Jerry’s journey: Learning to live with autism


“I kind of want to invent a time machine so I can go back in time and stop me from doing the stuff I do. And I would like to see what I become after I invent the time machine. I would want to go forward and backwards in time, but make sure not to mess with time.” — Jerry, 2015

I first met Jerry in 2007, when he was four years old. I had recently started dating his sister, Becky, and she was eager for me to get to know this tiny whirlpool of chaotic energy that had come into her life unexpectedly when she was 16. So on a bright, early spring afternoon I met them at a park near my apartment in Roanoke Rapids and said hello to a chubby, smiling little sprite in red shorts and ankle socks. After a few minutes, Jerry proceeded to leap up onto a picnic table and do an extended Pee Wee Herman dance before sailing off with stuntman abandon and sprinting towards the swingsets.
“Higher, higher!” he laughed crazily, a small bundle of ecstatic life framed against the cloudless sky, sailing farther and farther away from me and then swinging back into my arms. “Higher, higher!”
It was a voice I would come to know as well as my own in the coming years, in all its goofy delight, earnestness and shrill rage, as my relationship with Jerry grew from that of a friend, to a brother-in-law, to something resembling a father.
But on that day at the park, he was simply another part of the warmth and sun and budding life of a new season, and a possible glimpse into my future.

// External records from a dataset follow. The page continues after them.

(* Given h1 and h2 of corank 1, take a uniform dyadic grid U of C^S, deep enough to refine
   the domain partitions of both, and let h3 send the i-th brick of U canonically onto the
   i-th cube; h3 lies in SV_G.  Each h_k maps every brick of U by a twist onto a brick, and
   these image bricks form a partition R_k of C^S(n_k).  If R_k is dyadic, its multicolored
   forest f_k satisfies h3 = g_k f_k h_k for a twisted permutation g_k (identity permutation,
   twists inverse to those of h_k on the bricks of U), so [h_k] <= [h3].
   Dyadicity of R_k is the real work: for U deep enough, R_k refines a uniform grid V of
   C^S(n_k) so that all bricks of R_k inside one brick of V have the same shape, and such a
   uniform refinement of a dyadic partition is reached by halving one brick at a time. *)

From mathcomp Require Import all_boot all_fingroup zify.
From mathcomp Require Import boolp.
Set Implicit Arguments. Unset Strict Implicit. Unset Printing Implicit Defensive.

Section ListIn.
Variable T : Type.
Implicit Types (l : seq T) (y : T).

Lemma In_nth x0 l y : List.In y l -> exists2 i, i < size l & nth x0 l i = y.
Proof.
elim: l => //= a l IH [-> | /IH[i il <-]]; first by exists 0.
by exists i.+1.
Qed.

Lemma nth_In x0 l i : i < size l -> List.In (nth x0 l i) l.
Proof. by elim: l i => //= a l IH [|i] /= il; [left | right; apply: IH]. Qed.

Lemma has_In (a : pred T) l : has a l -> exists2 y, List.In y l & a y.
Proof.
elim: l => //= y l IH /orP[ay | /IH[z zl az]]; first by exists y; [left|].
by exists z; [right|].
Qed.

Lemma count_le1_nth_inj (a : pred T) l x0 i j : count a l <= 1 ->
  i < size l -> j < size l -> a (nth x0 l i) -> a (nth x0 l j) -> i = j.
Proof.
have has_a k l' : k < size l' -> a (nth x0 l' k) -> 0 < count a l'.
  by move=> kl ak; rewrite -has_count; apply/(has_nthP x0); exists k.
elim: l i j => //= y l IH [|i] [|j] //= l1 il jl ai aj.
- by have := has_a _ _ jl aj; move: l1; rewrite ai; lia.
- by have := has_a _ _ il ai; move: l1; rewrite aj; lia.
- by congr S; apply: IH => //; lia.
Qed.

End ListIn.

Lemma In_mem (T : eqType) (x : T) l : x \in l -> List.In x l.
Proof. by elim: l => //= y l IH; rewrite in_cons => /orP[/eqP ->|/IH]; [left|right]. Qed.

Lemma In_flatten_map (A T : Type) (f : A -> seq T) l a y :
  List.In a l -> List.In y (f a) -> List.In y (flatten (map f l)).
Proof. by elim: l => //= b l IH [->|al] yf; apply: List.in_or_app; [left|right; apply: IH]. Qed.

Section Words.
Implicit Types (u w : seq bool) (c : Cantor).

Lemma wcat_nil c : wcat [::] c = c.
Proof. by apply: funext => k; rewrite /wcat /= subn0. Qed.

Lemma wcat_cat u w c : wcat (u ++ w) c = wcat u (wcat w c).
Proof.
apply: funext => k; rewrite /wcat size_cat nth_cat.
case: (ltnP k (size u)) => ku; first by have -> : k < size u + size w by lia.
case: (ltnP k (size u + size w)) => kuw; first by have -> : k - size u < size w by lia.
have -> : (k - size u < size w) = false by lia.
by rewrite subnDA.
Qed.

Lemma prefix_wcat w c : prefix_of w (wcat w c).
Proof. by move=> k kw; rewrite /wcat kw. Qed.

Lemma prefix_cat u w c :
  prefix_of (u ++ w) c <-> prefix_of u c /\ prefix_of w (fun k => c (size u + k)).
Proof.
rewrite /prefix_of; split=> [uw_c | [u_c w_c] k].
  split=> k kl; rewrite uw_c ?size_cat ?nth_cat; try lia.
    by rewrite kl.
  by rewrite ltnNge leq_addr /= addKn.
rewrite size_cat nth_cat => kl; case: ltnP => ku; first exact: u_c.
by have := w_c (k - size u); rewrite subnKC // => ->; lia.
Qed.

Lemma prefix_take u w c :
  prefix_of u c -> prefix_of w c -> size u <= size w -> u = take (size u) w.
Proof.
move=> u_c w_c uw; apply: (@eq_from_nth _ false); first by rewrite size_takel.
by move=> k ku; rewrite nth_take // -u_c // w_c //; lia.
Qed.

Lemma wcat_shift u c : prefix_of u c -> wcat u (fun k => c (k + size u)) = c.
Proof.
move=> u_c; apply: funext => k; rewrite /wcat.
by case: ltnP => ku; [rewrite u_c | rewrite subnK].
Qed.

Lemma wcatK u c : (fun k => wcat u c (k + size u)) = c.
Proof.
apply: funext => k; rewrite /wcat.
have -> : (k + size u < size u) = false by lia.
by rewrite addnK.
Qed.

End Words.

Section Bricks.
Variables (S : Type) (m : nat).
Implicit Types (b p r v : brick S m) (x : cube S m) (z w : S -> seq bool).

Definition brick_ext b z : brick S m := (b.1, fun s => b.2 s ++ z s).

Definition extends r b := exists z, r = brick_ext b z.

Definition brick_point b : cube S m := (b.1, Phi b.2 (fun _ _ => false)).

Definition brick_half (bit : bool) (s0 : S) b :=
  brick_ext b (fun s => if `[< s0 = s >] then [:: bit] else [::]).

Lemma in_brick_Phi b kap : in_brick b (b.1, Phi b.2 kap).
Proof. by split=> // s; apply: prefix_wcat. Qed.

Lemma in_brick_point b : in_brick b (brick_point b).
Proof. exact: in_brick_Phi. Qed.

Lemma in_brickP b x : in_brick b x <-> exists kap, x = (b.1, Phi b.2 kap).
Proof.
split=> [|[kap ->]]; last exact: in_brick_Phi.
case: x => i y [/= -> y_b]; exists (fun s k => y s (k + size (b.2 s))).
by congr pair; apply: funext => s; rewrite /Phi wcat_shift.
Qed.

Lemma Phi_ext b z kap : Phi (brick_ext b z).2 kap = Phi b.2 (Phi z kap).
Proof. by apply: funext => s; rewrite /Phi /= wcat_cat. Qed.

Lemma in_brick_ext b z x : in_brick (brick_ext b z) x <->
  in_brick b x /\ forall s, prefix_of (z s) (fun k => x.2 s (size (b.2 s) + k)).
Proof.
rewrite /in_brick /=; split=> [[-> bz_x] | [[-> b_x] z_x]].
  by split; [split=> // s|move=> s]; have /prefix_cat[] := bz_x s.
by split=> // s; apply/prefix_cat.
Qed.

Lemma extends_sub r b x : extends r b -> in_brick r x -> in_brick b x.
Proof. by move=> [z ->] /in_brick_ext[]. Qed.

Lemma brick_ext_comp b z w :
  brick_ext (brick_ext b z) w = brick_ext b (fun s => z s ++ w s).
Proof. by congr pair; apply: funext => s; rewrite catA. Qed.

Lemma brick_ext_nil b : brick_ext b (fun _ => [::]) = b.
Proof. by case: b => i psi; congr pair; apply: funext => s; rewrite cats0. Qed.

Lemma extends_refl b : extends b b.
Proof. by exists (fun _ => [::]); rewrite brick_ext_nil. Qed.

Lemma extends_trans r v b : extends r v -> extends v b -> extends r b.
Proof. by move=> [w ->] [z ->]; rewrite brick_ext_comp; eexists. Qed.

Lemma size_brick_ext b z s : size ((brick_ext b z).2 s) = size (b.2 s) + size (z s).
Proof. exact: size_cat. Qed.

Lemma extends_eq r b : extends r b -> (forall s, size (r.2 s) <= size (b.2 s)) -> r = b.
Proof.
move=> [z ->] size_z; suff -> : z = fun _ => [::] by rewrite brick_ext_nil.
apply: funext => s; apply: size0nil; have := size_z s; rewrite size_brick_ext; lia.
Qed.

Lemma extends_of_overlap b v x : in_brick b x -> in_brick v x ->
  (forall s, size (b.2 s) <= size (v.2 s)) -> extends v b.
Proof.
case: v => i psi [b1 b_x] [/= v1 v_x] size_bv.
exists (fun s => drop (size (b.2 s)) (psi s)); congr pair; first by rewrite -v1.
by apply: funext => s; rewrite {1}(prefix_take (b_x s) (v_x s) (size_bv s)) cat_take_drop.
Qed.

Lemma in_brick_half bit s0 b x :
  in_brick (brick_half bit s0 b) x <-> in_brick b x /\ x.2 s0 (size (b.2 s0)) = bit.
Proof.
rewrite in_brick_ext; split=> [[b_x z_x] | [b_x x_bit]]; split=> //.
  by have := z_x s0 0; rewrite asboolT // addn0 => ->.
move=> s k; case: (asboolP (s0 = s)) => [<- | //].
by rewrite ltnS leqn0 => /eqP ->; rewrite addn0.
Qed.

Lemma in_brick_halves s0 b x : in_brick b x <->
  in_brick (brick_half false s0 b) x \/ in_brick (brick_half true s0 b) x.
Proof.
rewrite !in_brick_half; split=> [b_x | [[]|[]] //].
by case: (x.2 s0 _); [right|left].
Qed.

Lemma count_halves s0 b x :
  `[< in_brick (brick_half false s0 b) x >] + `[< in_brick (brick_half true s0 b) x >]
  = `[< in_brick b x >].
Proof.
case: (asboolP (in_brick b x)) => [b_x | b_x]; last first.
  by rewrite !asboolF // => /in_brick_half[].
case E : (x.2 s0 (size (b.2 s0))).
  by rewrite asboolF ?asboolT // in_brick_half E // => -[].
by rewrite asboolT ?asboolF // in_brick_half E // => -[].
Qed.

Lemma extends_half r b s0 : extends r b -> size (b.2 s0) < size (r.2 s0) ->
  exists bit, extends r (brick_half bit s0 b).
Proof.
move=> [z ->]; rewrite size_brick_ext; case E : (z s0) => [|bit w]; first by rewrite addn0 ltnn.
move=> _; exists bit; exists (fun s => if `[< s0 = s >] then behead (z s) else z s).
rewrite brick_ext_comp; congr brick_ext; apply: funext => s.
by case: (asboolP (s0 = s)) => // <-; rewrite E.
Qed.

Lemma finsupp_ext b z : finsupp b.2 -> finsupp z -> finsupp (brick_ext b z).2.
Proof.
move=> [T1 T1_b] [T2 T2_z]; exists (T1 ++ T2) => s /= bz_s; apply: List.in_or_app.
by case E : (b.2 s) bz_s => [|a l] /= bz_s; [right; apply: T2_z | left; apply: T1_b; rewrite E].
Qed.

Lemma finsupp_half bit s0 b : finsupp b.2 -> finsupp (brick_half bit s0 b).2.
Proof.
move=> b_fin; apply: finsupp_ext => //; exists [:: s0] => s.
by case: (asboolP (s0 = s)) => // <- _; left.
Qed.

End Bricks.

Lemma brick_partition_uniq S m k (B : 'I_k -> brick S m) x j1 j2 : brick_partition B ->
  in_brick (B j1) x -> in_brick (B j2) x -> j1 = j2.
Proof. by move=> [_ /(_ x)[j [_ j_uniq]]] /j_uniq <- /j_uniq <-. Qed.

Lemma brick_partition_extends_uniq S m k (B : 'I_k -> brick S m) r j1 j2 :
  brick_partition B -> extends r (B j1) -> extends r (B j2) -> j1 = j2.
Proof.
move=> B_part r_j1 r_j2; apply: (brick_partition_uniq (x := brick_point r) B_part).
  exact: extends_sub r_j1 (in_brick_point r).
exact: extends_sub r_j2 (in_brick_point r).
Qed.

Lemma dyadic_brick_partition S m k (Q : 'I_k -> brick S m) :
  dyadic_partition Q -> brick_partition Q.
Proof.
case=> [|k0 k1 P Q' _ [] //]; split=> [j | x]; first by exists [::].
by exists x.1; split=> // j [].
Qed.

Section SeqPartitions.
Variables (S : Type) (m : nat).
Implicit Types (l P R : seq (brick S m)) (b p r : brick S m) (x : cube S m).

Definition covering l x := count (fun b => `[< in_brick b x >]) l.

Definition seq_partition l :=
  (forall x, covering l x = 1) /\ (forall b, List.In b l -> finsupp b.2).

Lemma seq_partition_ex l x : seq_partition l -> exists2 b, List.In b l & in_brick b x.
Proof.
move=> [l_cov _]; have /has_In[b bl /asboolP b_x] : has (fun b => `[< in_brick b x >]) l.
  by rewrite has_count; have := l_cov x; rewrite /covering => ->.
by exists b.
Qed.

Lemma seq_partition_size_gt0 l : 0 < m -> seq_partition l -> 0 < size l.
Proof.
move=> m_gt0 l_part; have [b bl _] := seq_partition_ex (Ordinal m_gt0, fun _ _ => false) l_part.
by case: l {l_part} bl.
Qed.

Lemma seq_partition_nth_inj l b0 x i j : seq_partition l -> i < size l -> j < size l ->
  in_brick (nth b0 l i) x -> in_brick (nth b0 l j) x -> i = j.
Proof.
move=> [l_cov _] il jl /asboolP bi_x /asboolP bj_x.
apply: (count_le1_nth_inj (a := fun b => `[< in_brick b x >]) (x0 := b0)) bi_x bj_x => //.
by have := l_cov x; rewrite /covering => ->.
Qed.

How would you describe yourself?
“I’m Jerry and I like playing video games and I like watching TV and I like playing games on my phone like Minecraft and all sorts of stuff. And I like to learn stuff and play some basketball…” — Jerry, 2015

Jerry was diagnosed with ADHD (Attention Deficit Hyperactivity Disorder) when he was two years old, an extremely young age. When he was 10, he was diagnosed with autism, a neurodevelopmental disorder characterized by impaired social interaction and verbal and nonverbal communication, as well as restricted and repetitive behavior. Though its causes are not well understood, autism affects information processing in the brain by altering how nerve cells and their synapses connect and organize.
From our initial meeting, it was obvious that Jerry was different than other children his age: louder, less verbally advanced and given to outbursts of sudden, nearly uncontrollable anger. He was also adverse, in the extreme, to changes in his routine, especially in regards to his diet. It was pizza, macaroni and cheese, and McDonald’s chicken nuggets (never Burger King or Wendy’s!! And never, ever chicken FINGERS!! ) or it was nothing. No discussions allowed.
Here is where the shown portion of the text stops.